[Collected data entries]
(* Let $n\ge 2$. The $V_n$-graded Hilbert functions of the $R/J_n$-modules $\langle p_n\rangle$ and $\langle p^+_{n,i}\rangle$, $i=1,\dots,n$, take only the values $0$ and $1$.
   Context: Let $\mathbbm{k}$ be a field, $[n]=\{1,\dots,n\}$, $R=\mathbbm{k}[x_{ij}:1\le i\le j\le n]$ with $x_{ij}=x_{ji}$; exponent vectors in $\mathbb{N}^{\binom{n+1}{2}}$ with basis $e_{ij}=e_{ji}$. $V_n$ is the $n\times\binom{n+1}{2}$ matrix whose column indexed by $jk$ is $e_j+e_k\in\mathbb{Z}^n$; $R$ is $\mathbb{N}^n$-graded by $\deg x_{jk}=e_j+e_k$ (the $V_n$-grading), and the $V_n$-graded Hilbert function of a graded module $M$ is $\mathbf b\mapsto\dim_{\mathbbm{k}}M_{\mathbf b}$. For $\mathbf b\in\mathbb{N}^n$, $V_n^{-1}[\mathbf b]=\{u\in\mathbb{N}^{\binom{n+1}{2}}:V_nu=\mathbf b\}$. $J_n$ is the ($V_n$-homogeneous) ideal generated by the principal $2$-minors $x_{ii}x_{jj}-x_{ij}^2$. With $[ij|kl]:=e_{ik}+e_{jl}-e_{il}-e_{jk}$, $L'_n$ is the lattice generated by the $[ij|ij]$; two points of a fiber are equivalent if their difference lies in $L'_n$. Define $p_n=\prod_{1\le i<j\le n-1}(x_{ij}x_{nn}+x_{in}x_{jn})$. If $n$ is odd, $p^+_{n,i}\in R/J_n$ is the sum of $x^{\mathbf a}$ over the equivalence classes $\mathbf a$ of $V_n^{-1}[(n-2,\dots,n-2)+e_i]$ modulo $L'_n$; if $n$ is even, $p^+_{n,i}:=p^+_n$ for all $i$, the sum of $x^{\mathbf a}$ over the equivalence classes of $V_n^{-1}[(n-2,\dots,n-2)]$ modulo $L'_n$. *)

From HB Require Import structures.
From mathcomp Require Import all_boot all_order all_algebra.
From mathcomp Require Import mpoly.
Set Implicit Arguments. Unset Strict Implicit. Unset Printing Implicit Defensive.
Import Order.TTheory GRing.Theory Num.Theory.
Local Open Scope ring_scope.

### Aim of the exercise
All lines of the entries above where "Require" turns up should be reported.

### Response to this exercise
From HB Require Import structures.
From mathcomp Require Import all_boot all_order all_algebra.
From mathcomp Require Import mpoly.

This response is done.